There are a lot of generalizations about buyers being bandied about here on the internet. Here are some you should be aware of:
- You have no doubt read about buyers being 57 percent through their buying process before engaging with a salesperson (an idea that has been misinterpreted by frauds and phonies and charlatans).
- There is much lecturing about how much research buyers are doing before making a purchase, there being so much information available, the implication is that buyers know as much as salespeople.
- Ideas are put out, with such certainty, about what buyers value and what they resist, most of this coming from people who stand to gain from feeding you fear so they can gain financially.
- Then, there is the idea that buyers don’t accept phone calls.
This is the platonic buyer. This is a theory about buyers in general, not the buyer.
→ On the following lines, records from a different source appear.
Definition scyc_maxdeg (k s m : nat) : nat :=
  (\max_(i : 'I_(scyc_n k s m)) scyc_deg k s m i)%N.

Definition is_lap_H_eigenvalue (R : realType) (k s m : nat) (lambda : R) : Prop :=
  exists x : 'I_(scyc_n k s m) -> R,
    (exists i, x i != 0) /\
    forall i : 'I_(scyc_n k s m),
      lambda * x i ^+ (k - 1) =
        (scyc_deg k s m i)%:R * x i ^+ (k - 1)
        - \sum_(j : 'I_m | i \in scyc_edge k s m j)
            \prod_(v in scyc_edge k s m j :\ i) x v.

From mathcomp Require Import all_boot all_order all_algebra.
From mathcomp Require Import reals.
From mathcomp Require Import lra ring zify.
Set Implicit Arguments.
Unset Strict Implicit.
Unset Printing Implicit Defensive.
Import Order.TTheory GRing.Theory Num.Theory.

Local Open Scope ring_scope.

(* Write the vertices of the s-cycle as offsets r < p = k - s in consecutive
   blocks, edge q being block q followed by the first s vertices of block
   q + 1, and let P_q be the product of x over edge q.  The eigenvalue
   equations read (lam - 1) x_v^k = - P_q at the p - s vertices lying in edge q
   only, and (lam - 2) x_v^k = - (P_(q-1) + P_q) at the s vertices shared by
   edges q - 1 and q.  Multiplying them over edge q, where k - 2s is odd, gives
     K P_q^(2s) = - ((P_(q-1) + P_q) (P_q + P_(q+1)))^s,
   K = (lam - 2)^(2s) (lam - 1)^(k-2s) > 0 for 1 < lam != 2.  For even s this
   forces P = 0.  For odd s, next to a negative sum P_(q-1) + P_q the sums
   alternate in sign and grow in absolute value, which is impossible at a
   maximum of |P_(q-1) + P_q| around the cycle; hence all sums vanish, then
   P = 0, and then x = 0.  The eigenvalue 2 is attained by the indicator
   vector of a vertex of degree 2. *)

Lemma odd_power_identity_cancel (R : idomainType) (K a A B : R) (e s : nat) :
  odd e -> a != 0 ->
  a ^+ (e + (s + s)) * K = (- A) ^+ s * (- a) ^+ e * (- B) ^+ s ->
  K * a ^+ (s + s) = - (A * B) ^+ s.
Proof.
move=> e_odd a_neq0 identity.
have exprN_odd : (- a) ^+ e = - a ^+ e.
  by rewrite exprNn -signr_odd e_odd expr1 mulN1r.
rewrite exprN_odd exprD in identity.
apply: (mulfI (expf_neq0 e a_neq0)).
transitivity (a ^+ e * a ^+ (s + s) * K); first by ring.
by rewrite identity -(mulrNN A B) exprMn; ring.
Qed.

Lemma periodic_modn (T : Type) (f : nat -> T) (m : nat) :
  (forall j, f (j + m)%N = f j) -> forall j, f (j %% m)%N = f j.
Proof.
move=> per j; rewrite [in RHS](divn_eq j m).
elim: (j %/ m)%N => [|q IH]; first by rewrite mul0n add0n.
by rewrite mulSn -addnA addnC per.
Qed.

Lemma prodr_nat_scale (R : comPzRingType) a b (F : nat -> R) (c d : R) :
  (forall t, (a <= t < b)%N -> c * F t = d) ->
  (\prod_(a <= t < b) F t) * c ^+ (b - a) = d ^+ (b - a).
Proof.
move=> scaled; rewrite -!prodr_const_nat -big_split /=.
by apply: eq_big_nat => t t_in; rewrite mulrC scaled.
Qed.

Lemma periodic_argmax (R : realDomainType) (f : nat -> R) (m : nat) :
  (0 < m)%N -> (forall j, f (j + m)%N = f j) -> exists i, forall j, f j <= f i.
Proof.
move=> m_gt0 per; exists [arg max_(i > Ordinal m_gt0) f i]%O => j.
rewrite -(periodic_modn per); case: arg_maxP => //= i _ Hi.
exact: (Hi (Ordinal (ltn_pmod j m_gt0))).
Qed.

Section EdgeProductRecurrence.
Variables (R : realFieldType) (K : R) (s : nat).
Hypotheses (K_gt0 : 0 < K) (s_gt0 : (0 < s)%N).

(* [x] is the product of a hyperedge, [w] and [y] those of its two neighbours. *)
Definition edge_product_rel (w x y : R) : Prop :=
  x != 0 -> K * x ^+ (s + s) = - ((w + x) * (x + y)) ^+ s.

Lemma edge_product_relC w x y : edge_product_rel w x y -> edge_product_rel y x w.
Proof. by move=> h /h ->; congr (- _ ^+ _); ring. Qed.

Lemma edge_product_relN w x y :
  edge_product_rel w x y -> edge_product_rel (- w) (- x) (- y).
Proof.
move=> h; rewrite /edge_product_rel oppr_eq0 => /h {h}.
have -> : (- x) ^+ (s + s) = x ^+ (s + s).
  by rewrite exprD -exprMn mulrNN exprMn -exprD.
by rewrite -!opprD mulrNN.
Qed.

Lemma edge_product_rel_lhs_gt0 x : x != 0 -> 0 < K * x ^+ (s + s).
Proof.
by move=> x0; rewrite mulr_gt0 // exprn_even_gt0 ?oddD ?addbb // x0 orbT.
Qed.

Lemma edge_product_rel_even w x y : ~~ odd s -> edge_product_rel w x y -> x = 0.
Proof.
move=> s_even h; apply/eqP/negP => /negP x0.
have := edge_product_rel_lhs_gt0 x0; rewrite (h x0) oppr_gt0 ltNge.
by rewrite exprn_even_ge0.
Qed.

Lemma edge_product_rel_sum0 w x y : edge_product_rel w x y -> w + x = 0 -> x = 0.
Proof.
move=> h wx0; apply/eqP/negP => /negP x0.
have := edge_product_rel_lhs_gt0 x0.
by rewrite (h x0) wx0 mul0r expr0n gtn_eqF // oppr0 ltxx.
Qed.

Lemma edge_product_rel_lt0 w x y : odd s ->
  edge_product_rel w x y -> x != 0 -> (w + x) * (x + y) < 0.
Proof.
move=> s_odd h x0; have := edge_product_rel_lhs_gt0 x0; rewrite (h x0) oppr_gt0.
apply: contraLR; rewrite -!leNgt => ge0.
by rewrite exprn_ge0.
Qed.

Lemma edge_product_rel_norm w x y : edge_product_rel w x y -> x != 0 ->
  K * `|x| ^+ (s + s) = `|w + x| ^+ s * `|x + y| ^+ s.
Proof.
move=> h /h /(congr1 Num.norm).
by rewrite normrN normrM gtr0_norm // !normrX normrM exprMn.
Qed.

Lemma edge_product_rel_grow w x y z : odd s ->
  edge_product_rel w x y -> edge_product_rel x y z ->
  w + x < 0 -> x < 0 -> `|w + x| < `|y + z|.
Proof.
move=> s_odd hx hy wx_lt0 x_lt0.
have x0 : x != 0 by rewrite lt_eqF.
have xy_gt0 : 0 < x + y.
  by rewrite -(nmulr_rlt0 _ wx_lt0) edge_product_rel_lt0.
have y0 : y != 0 by rewrite gt_eqF //; lra.
have x_lt_y : `|x| < `|y| by rewrite ltr0_norm // gtr0_norm; lra.
have := edge_product_rel_norm hx x0; have := edge_product_rel_norm hy y0.
move=> ey ex.
have xy_pow_gt0 : 0 < `|x + y| ^+ s by rewrite exprn_gt0 // normr_gt0 gt_eqF.
rewrite -(ltr_pXn2r s_gt0) ?nnegrE // -(ltr_pM2r xy_pow_gt0) [X in _ < X]mulrC.
by rewrite -ex -ey ltr_pM2l // ltrXn2r // -lt0n addn_gt0 s_gt0.
Qed.

Lemma edge_product_max_sum_ge0 (P : nat -> R) i : odd s ->
  (forall j, edge_product_rel (P j) (P j.+1) (P j.+2)) ->
  (forall j, `|P j + P j.+1| <= `|P i.+2 + P i.+3|) -> 0 <= P i.+2 + P i.+3.
Proof.
move=> s_odd P_rel Pmax; rewrite leNgt; apply/negP => S_lt0.
have [P3_lt0 | P3_ge0] := ltP (P i.+3) 0.
  have := edge_product_rel_grow s_odd (P_rel i.+2) (P_rel i.+3) S_lt0 P3_lt0.
  by have := Pmax i.+4; lra.
have := edge_product_rel_grow s_odd
  (edge_product_relC (P_rel i.+1)) (edge_product_relC (P_rel i)).
rewrite addrC [P i.+1 + _]addrC => /(_ S_lt0 ltac:(lra)).
by have := Pmax i; lra.
Qed.

Lemma periodic_edge_products_eq0 (P : nat -> R) m :
  (0 < m)%N -> (forall j, P (j + m)%N = P j) ->
  (forall j, edge_product_rel (P j) (P j.+1) (P j.+2)) -> forall j, P j = 0.
Proof.
move=> m_gt0 per P_rel.
suff P_succ0 : forall j, P j.+1 = 0.
  case=> [|j]; last exact: P_succ0.
  by rewrite -(per 0%N) add0n -(prednK m_gt0) P_succ0.
case: (boolP (odd s)) => s_odd j; last exact: edge_product_rel_even (P_rel j).
pose S j := P j + P j.+1.
have perS l : `|S (l + m)%N| = `|S l| by rewrite /S per -addSn per.
have [i0 Smax] := periodic_argmax m_gt0 perS.
pose i := (i0 + m + m - 2)%N.
have Si : S i.+2 = S i0.
  rewrite /S -(per i0) -(per (i0 + m)%N) -(per i0.+1) -(per (i0.+1 + m)%N).
  by congr (P _ + P _); rewrite /i; lia.
have {}Smax l : `|P l + P l.+1| <= `|P i.+2 + P i.+3|.
  by move: (Smax l); rewrite -Si.
have Si0 : P i.+2 + P i.+3 = 0.
  apply/eqP; rewrite eq_le edge_product_max_sum_ge0 // andbT -oppr_ge0 opprD.
  apply: (@edge_product_max_sum_ge0 (fun j => - P j)) => // [l|l].
    exact: edge_product_relN.
  by rewrite -!opprD !normrN.
apply: (edge_product_rel_sum0 (P_rel j)); apply/eqP; rewrite -normr_le0.
by have := Smax j; rewrite Si0 normr0.
Qed.

End EdgeProductRecurrence.

Section SCycle.
Variables k s m : nat.
Hypotheses (s_gt0 : (0 < s)%N) (s2_lt_k : (s.*2 < k)%N)
  (n_ge : (2 * k - s <= scyc_n k s m)%N).

Local Notation n := (scyc_n k s m).
Local Notation p := (k - s)%N.
Local Notation edge := (scyc_edge k s m).

Lemma s_lt_p : (s < p)%N.
Proof. by move: s2_lt_k; rewrite -addnn; lia. Qed.

Lemma m_gt1 : (1 < m)%N.
Proof. by move: n_ge s2_lt_k; rewrite /scyc_n -addnn; nia. Qed.

Lemma m_gt0 : (0 < m)%N.
Proof. exact: ltnW m_gt1. Qed.

Lemma k_lt_n : (k < n)%N.
Proof. by move: n_ge s2_lt_k; rewrite /scyc_n -addnn; nia. Qed.

Lemma p_gt0 : (0 < p)%N.
Proof. exact: leq_ltn_trans s_lt_p. Qed.

Lemma n_gt0 : (0 < n)%N.
Proof. exact: leq_ltn_trans k_lt_n. Qed.

(* Offset [r] in block [q]; the [+ 1] matches the numbering in [scyc_edge]. *)
Definition vtx (q r : nat) : 'I_n := Ordinal (ltn_pmod (q * p + r + 1) n_gt0).

Definition eid (j : nat) : 'I_m := Ordinal (ltn_pmod j m_gt0).

Lemma modn_block q a : (q * p + a = (q %% m) * p + a %[mod n])%N.
Proof. by rewrite {1}(divn_eq q m) mulnDl -mulnA -addnA modnMDl. Qed.

Lemma vtx_congr q q' r : (q = q' %[mod m])%N -> vtx q r = vtx q' r.
Proof.
move=> eq_q; apply: val_inj => /=.
by rewrite -!addnA modn_block (modn_block q') eq_q.
Qed.

Lemma vtx_shift q t : vtx q (p + t) = vtx q.+1 t.
Proof.
apply: val_inj => /=.
by have -> : (q * p + (p + t) = q.+1 * p + t)%N by rewrite mulSn; lia.
Qed.

Lemma vtx_inj q q' r r' : (r < p)%N -> (r' < p)%N ->
  vtx q r = vtx q' r' -> (q = q' %[mod m])%N /\ r = r'.
Proof.
move=> r_lt r'_lt /(congr1 val) /= /eqP; have p_gt0 := p_gt0.
rewrite eqn_modDr modn_block (modn_block q').
have lt_n a b : (b < p)%N -> (a %% m * p + b < n)%N.
  by have := ltn_pmod a m_gt0; rewrite /scyc_n; nia.
rewrite (modn_small (lt_n q r r_lt)) (modn_small (lt_n q' r' r'_lt)) => /eqP e.
split; last by have := congr1 (modn^~ p) e; rewrite /= !modnMDl !modn_small.
by have := congr1 (divn^~ p) e; rewrite /= !divnMDl // !divn_small // !addn0.
Qed.

Lemma vtx_surj v : exists q r, (r < p)%N /\ v = vtx q.+1 r.
Proof.
exists ((v + n - 1) %/ p + m.-1)%N, ((v + n - 1) %% p)%N; split.
  by rewrite ltn_mod p_gt0.
rewrite -addnS prednK ?m_gt0 //.
rewrite -(@vtx_congr ((v + n - 1) %/ p)); last by rewrite modnDr.
apply: val_inj; rewrite /= -divn_eq subnK; last by have := n_gt0; lia.
by rewrite modnDr modn_small.
Qed.

Lemma eid_val (j : 'I_m) : eid j = j.
Proof. by apply: val_inj; rewrite /= modn_small. Qed.

Lemma eid_eq (j : 'I_m) a : (j == eid a) = (j == a %[mod m])%N.
Proof. by rewrite -(inj_eq val_inj) /= [in RHS]modn_small. Qed.

Lemma edge_eid j : edge (eid j) = [set vtx j t | t : 'I_k].
Proof.
apply/setP => v; rewrite inE; apply/existsP/imsetP => [[t /eqP v_eq]|[t _ ->]].
  exists t => //; apply: val_inj; rewrite v_eq /= -addn1 -addnA.
  by rewrite -modn_block addnA.
by exists t; apply/eqP; rewrite /= -addnA addn1 modn_block.
Qed.

Lemma vtx_inj_offset j : injective (fun t : 'I_k => vtx j t).
Proof.
move=> t1 t2 /(congr1 val) /= /eqP.
have t1_lt := ltn_ord t1; have t2_lt := ltn_ord t2; have k_lt := k_lt_n.
rewrite -!addnA eqn_modDl !modn_small; [|lia|lia].
by move=> /eqP t_eq; apply: ord_inj; lia.
Qed.

Lemma card_edge j : #|edge j| = k.
Proof.
by rewrite -[j]eid_val edge_eid card_imset ?card_ord //; apply: vtx_inj_offset.
Qed.

Lemma eid_succ_neq q : eid q.+1 != eid q.
Proof.
rewrite eid_eq /= modn_mod -addn1 -[X in (_ == X %[mod m])%N]addn0 eqn_modDl.
by rewrite mod0n modn_small ?m_gt1.
Qed.

Lemma mem_edge_vtx q r (j : 'I_m) : (r < p)%N ->
  (vtx q.+1 r \in edge j) = (j == eid q.+1) || (r < s)%N && (j == eid q).
Proof.
move=> r_lt; rewrite -[j]eid_val edge_eid !eid_eq /= modn_mod.
case: j => j j_lt /=.
have s_lt := s_lt_p.
apply/imsetP/idP => [[t _ /esym] | /orP[jq | /andP[r_lt_s jq]]].
- have [t_lt | t_ge] := ltnP t p.
    by case/vtx_inj => // ->; rewrite eqxx.
  have t_lt := ltn_ord t.
  rewrite -(subnKC t_ge) vtx_shift => /vtx_inj[]; [lia | done | ].
  move=> /eqP jq <-; apply/orP; right; apply/andP; split.
    by lia.
  by rewrite -(eqn_modDr 1) !addn1 jq.
- have r_lt_k : (r < k)%N by lia.
  by exists (Ordinal r_lt_k) => //; apply: vtx_congr; apply/esym/eqP.
- have r_lt_k : (p + r < k)%N by lia.
  exists (Ordinal r_lt_k : 'I_k) => //=; rewrite vtx_shift; apply: vtx_congr.
  by apply/eqP; rewrite -[q.+1]addn1 -[j.+1]addn1 eqn_modDr eq_sym.
Qed.

Lemma sum_edges_vtx (V : nmodType) (F : 'I_m -> V) q r : (r < p)%N ->
  \sum_(j | vtx q.+1 r \in edge j) F j =
  F (eid q.+1) + (if (r < s)%N then F (eid q) else 0).
Proof.
move=> r_lt; rewrite (bigD1 (eid q.+1)) /=; last by rewrite mem_edge_vtx ?eqxx.
congr (_ + _); case: ifP => r_lt_s.
  apply: big_pred1 => j; rewrite mem_edge_vtx // r_lt_s /=.
  case: (eqVneq j (eid q.+1)) => [->|_]; last by rewrite andbT.
  by rewrite (negbTE (eid_succ_neq q)).
by apply: big_pred0 => j; rewrite mem_edge_vtx // r_lt_s orbF andbN.
Qed.

Lemma scyc_deg_vtx q r : (r < p)%N ->
  scyc_deg k s m (vtx q.+1 r) = (if (r < s)%N then 2 else 1)%N.
Proof.
move=> r_lt; rewrite /scyc_deg cardsE -sum1_card.
rewrite (sum_edges_vtx (fun _ => 1%N)) //.
by case: ifP.
Qed.

Definition lap_eigen_eqs (R : pzRingType) (lam : R) (x : 'I_n -> R) : Prop :=
  forall i, lam * x i ^+ (k - 1) =
    (scyc_deg k s m i)%:R * x i ^+ (k - 1)
    - \sum_(j : 'I_m | i \in edge j) \prod_(v in edge j :\ i) x v.

Section EigenEquations.
Variables (R : comNzRingType) (lam : R) (x : 'I_n -> R).
Hypothesis eig : lap_eigen_eqs lam x.

Definition edge_prod (j : nat) : R := \prod_(v in edge (eid j)) x v.

Lemma exprk_pred (y : R) : y ^+ k = y * y ^+ (k - 1).
Proof. by rewrite -exprS; congr (_ ^+ _); have := k_lt_n; lia. Qed.

Lemma eig_vtx_single q r : (s <= r < p)%N ->
  (lam - 1) * x (vtx q.+1 r) ^+ k = - edge_prod q.+1.
Proof.
case/andP=> s_le_r r_lt; have := eig (vtx q.+1 r).
rewrite sum_edges_vtx // scyc_deg_vtx // ltnNge s_le_r /= addr0.
rewrite /edge_prod (big_setD1 _ (_ : vtx q.+1 r \in edge (eid q.+1))); last first.
  by rewrite mem_edge_vtx ?eqxx.
rewrite exprk_pred /=; set y := x _; set Y := y ^+ _ => eqv.
by transitivity (y * (lam * Y) - y * Y); [ring | rewrite eqv; ring].
Qed.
Even if there is research to back up these assertions about buyers, they are not likely accurate as it pertains to any one buyer.
On average, a man is 5’10 inches tall. If you are a tailor or a retailer, you should stock suits for men of this height, that being the average and the point of greatest need—and profitability. Using this fact to make the decision as to what kind of suits to carry is to believe that a generalization is universally true.
Your buyer may not be 5’10. They may be 6’4 or 5’3. One contact within your prospective client’s company may indeed be precisely 57 percent through the process of making a complex decision they only make twice in their lifetime. Meanwhile, the rest of their team may be far behind them, maybe at, say, something less than 5 percent through that same process. I am talking about real contacts here, not the platonic kind.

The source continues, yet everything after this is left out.